The fact that $\mathfrak{sl}_2(\mathbb{C})$ is a simple Lie algebra implies that every $2 \times 2$-matrix $A \in \mathbb{C}^{2\times 2}$ with $\mathrm{tr}(A) = 0$ can be expressed as a commutator of two matrices.

Is there any way to find two appropriate matrices? If I give you $A = \begin{pmatrix} 0 & -1 \\ 1 & 0 \end{pmatrix}$, for example, is there any algorithm that can find matrices $B,C$ with $A = BC - CB$?

Answer 1

I think you can use the Pauli matrices $\sigma_1$, $\sigma_2$, $\sigma_3$. Traceless matrix $A$ can be decomposed as $A = \vec{a}\cdot\vec{\sigma}$. Meanwhile, any $B$, $C$ can be decomposed as $B = b_0I+\vec{b}\cdot\sigma$ and $C=c_0I+\vec{c}\cdot\sigma$, with commutator $[B,C] = 2i(\vec{b}\times\vec{c})\cdot\vec\sigma$.

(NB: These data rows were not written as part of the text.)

(* Let $p=p(n)\in[0,1]$ and let $j=j(n)$, $k=k(n)$ be positive integer-valued functions of $n$. If $$\binom{n}{j}\binom{n}{k}\,p^{jk}\to 0\quad(n\to\infty),$$ then almost always $\|\mathcal{N}[G(n,p)]\|$ strong deformation retracts onto a subspace that is the geometric realization of a simplicial complex of dimension at most $j+k-3$.
   Context: For a graph $G$, the neighborhood complex $\mathcal{N}[G]$ is the simplicial complex on vertex set $V(G)$ whose faces are all subsets of $V(G)$ having a common neighbor. $\|\Delta\|$ denotes the geometric realization of a simplicial complex $\Delta$. $G(n,p)$ is the Erdős–Rényi random graph on vertex set $[n]$ with each possible edge present independently with probability $p$. A property holds almost always (a.a.) if its probability tends to $1$ as $n\to\infty$. *)

From HB Require Import structures.
From mathcomp Require Import all_boot all_order all_algebra.
From mathcomp Require Import all_classical all_reals all_analysis.
Set Implicit Arguments. Unset Strict Implicit. Unset Printing Implicit Defensive.
Import Order.TTheory GRing.Theory Num.Theory.
Import numFieldNormedType.Exports.
Local Open Scope classical_set_scope.
Local Open Scope ring_scope.

Definition pairs (n : nat) : {set {set 'I_n}} := ([set e : {set 'I_n} | #|e| == 2%N])%SET.

Definition is_graph (n : nat) (E : {set {set 'I_n}}) : bool := E \subset pairs n.

Definition adj (n : nat) (E : {set {set 'I_n}}) (u v : 'I_n) : bool :=
  ([set u; v])%SET \in E.

Definition gnp_prob (R : realType) (n : nat) (p : R) (P : {set {set 'I_n}} -> Prop) : R :=
  \sum_(E : {set {set 'I_n}} | is_graph E && `[< P E >])
     p ^+ #|E| * (1 - p) ^+ (#|pairs n| - #|E|).

Definition simplicial_complex (V : finType) (D : {set {set V}}) : Prop :=
  forall s t : {set V}, s \in D -> t \subset s -> t \in D.

(* dim D <= d, stated as: every face has at most d+1 vertices (dm1 = d+1). *)
Definition dim_le_succ (V : finType) (D : {set {set V}}) (dp1 : nat) : Prop :=
  forall s, s \in D -> (#|s| <= dp1)%N.

Definition nbhd_complex (n : nat) (E : {set {set 'I_n}}) : {set {set 'I_n}} :=
  ([set s : {set 'I_n} | [exists v, [forall u in s, adj E u v]]])%SET.

Definition realization (R : realType) (m : nat) (D : {set {set 'I_m}}) : set 'rV[R]_m :=
  [set x | (forall i, 0 <= x ord0 i) /\ \sum_i x ord0 i = 1 /\
           ([set i | x ord0 i != 0])%SET \in D].

Definition strong_def_retract (T : topologicalType) (R : realType) (X A : set T) : Prop :=
  A `<=` X /\
  exists H : T * R -> T,
    {within X `*` `[0%R, 1%R]%classic, continuous H} /\
    (forall x t, X x -> `[0%R, 1%R]%classic t -> X (H (x, t))) /\
    (forall x, X x -> H (x, 0) = x) /\
    (forall x, X x -> A (H (x, 1))) /\
    (forall a t, A a -> `[0%R, 1%R]%classic t -> H (a, t) = a).

Definition homeomorphic (T U : topologicalType) (A : set T) (B : set U) : Prop :=
  exists (f : T -> U) (g : U -> T),
    {within A, continuous f} /\ {within B, continuous g} /\
    (forall x, A x -> B (f x)) /\ (forall y, B y -> A (g y)) /\
    (forall x, A x -> g (f x) = x) /\ (forall y, B y -> f (g y) = y).

(* ||N[G]|| strong deformation retracts onto a subspace which is (homeomorphic
   to) the geometric realization of a simplicial complex of dimension <= d,
   where dp1 = d + 1. *)
Definition sdr_onto_complex_dim (R : realType) (n : nat) (E : {set {set 'I_n}})
    (dp1 : nat) : Prop :=
  exists A : set 'rV[R]_n,
    @strong_def_retract _ R (realization (R:=R) (nbhd_complex E)) A /\
    exists (m : nat) (D : {set {set 'I_m}}),
      simplicial_complex D /\ dim_le_succ D dp1 /\
      homeomorphic A (realization (R:=R) D).

From HB Require Import structures.
From mathcomp Require Import all_boot all_order all_algebra.
From mathcomp Require Import all_classical all_reals all_analysis.
From mathcomp Require Import zify.
Import Order.TTheory GRing.Theory Num.Theory.
Import numFieldNormedType.Exports.
Local Open Scope ring_scope.

(* A point x of ||N[G]|| is a staircase \sum_t c_t 1_t over the chain of its
   superlevel sets, all of which are faces.  Moving each step t to its closure
   N(N(t)), rescaled by #|t|/#|N(N(t))| to keep the coordinate sum, and
   interpolating linearly retracts ||N[G]|| onto the points whose steps are all
   closed faces; these form a copy of the order complex of the nonempty closed
   faces.  Along a chain of distinct closed faces the faces grow and their
   common neighbourhoods shrink strictly, and a face with >= j vertices and
   >= k common neighbours spans a K_{j,k}; so if G has no K_{j,k} a chain has
   at most (j - 1) + (k - 1) members.  The expected number of K_{j,k} in
   G(n,p) is at most C(n,j) C(n,k) p^(jk), which tends to 0. *)

Set Implicit Arguments. Unset Strict Implicit. Unset Printing Implicit Defensive.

So I think if you find two vectors $\vec{b}$ and $\vec{c}$ with $2i(\vec{b}\times\vec{c}) = \vec{a}$, then you have found $B$ and $C$ as $B = \vec{b}\cdot\sigma$ and $C = \vec{c}\cdot\sigma$.

For your example case, $$A = -i\sigma_2 = (0,-i,0)\cdot\vec{\sigma}\,.$$ That is, $\vec{a} = (0, -i, 0)$. So take $\vec{b} = ({1\over \sqrt{2}},0,0)$ and $\vec{c} = (0,0,{1\over\sqrt{2}})$. This gives $B = {1\over\sqrt{2}}\sigma_1$ and $C={1\over\sqrt{2}}\sigma_3$, with $$[B,C] = \frac{1}{2}[\sigma_1,\sigma_3]= \frac{1}{2}(-2i\sigma_2) = A\,.$$

Answer 2

Let $K$ be any field and $A\in M_n(K)$. If $trace(A)=0$, then there are $B,C\in M_n(K)$ s.t. $A=BC-CB$. See ("On matrices of trace $0$", A. and B. Muckenhoupt). Put $A$ in rational canonical form and reason by recurrence...

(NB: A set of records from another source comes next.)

Definition pclosed (Z : pset) : Prop :=
  exists F : {mpoly k[n]} -> Prop,
    (forall p, F p -> homogeneous p) /\
    forall x : proj, Z x <-> (forall p, F p -> p.@[fun i => val x 0 i] = 0).

Definition pclosure (Z : pset) : pset :=
  fun x => forall C, pclosed C -> psub Z C -> C x.

Definition irreducible (Z : pset) : Prop :=
  [/\ pclosed Z, exists x, Z x &
      forall A B, pclosed A -> pclosed B -> psub Z (fun x => A x \/ B x) ->
        psub Z A \/ psub Z B].

Definition irr_component (Y X : pset) : Prop :=
  [/\ irreducible Y, psub Y X &
      forall Y', irreducible Y' -> psub Y Y' -> psub Y' X -> psub Y' Y].

(* Linear action of the torus T = G_m^r on V: diagonalizable with weights
   w i : Z^r in the basis given by the rows of an invertible matrix P. *)
Variables (r : nat) (w : 'I_n -> 'I_r -> int) (P : 'M[k]_n).

Definition torus_elt (t : 'I_r -> k) : Prop := forall j, t j != 0.

Definition rho (t : 'I_r -> k) : 'M[k]_n :=
  invmx P *m diag_mx (\row_i \prod_(j < r) t j ^ w i j) *m P.

Definition T_invariant (Z : pset) : Prop :=
  forall t x y, torus_elt t -> Z x -> rep (val x *m rho t) y -> Z y.

Definition T_fixed (Z : pset) : pset :=
  fun x => Z x /\ forall t, torus_elt t -> rep (val x *m rho t) x.

(* one-parameter subgroup S : G_m -> T given by a cocharacter s : Z^r *)
Variable (s : 'I_r -> int).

In general we cannot choose $B$ no matter how ; indeed the linear application $f:X\rightarrow BX-XB$ has eigenvalues $(\lambda_i-\lambda_j)_{i,j}$ in which $spectrum(B)=(\lambda_i)_i$. Thus, if $B$ is generic, then $rank(f)=n^2-n$ and $im(f)$ is not whole the vector space of traceless matrices (which has dimenson $n^2-1$).

The case $n=2$ is easy. Assume $characteristic(K)\not=2$. If $A\not= 0$, then there is $u$ s.t. $u,Au$ is a basis. Since $trace(A)=0$, we may assume that $A=\begin{pmatrix}0&\alpha\\1&0\end{pmatrix}$. Then we can choose $B=\begin{pmatrix}-1/2&0\\0&1/2\end{pmatrix},C=\begin{pmatrix}0&-\alpha\\1&0\end{pmatrix}$.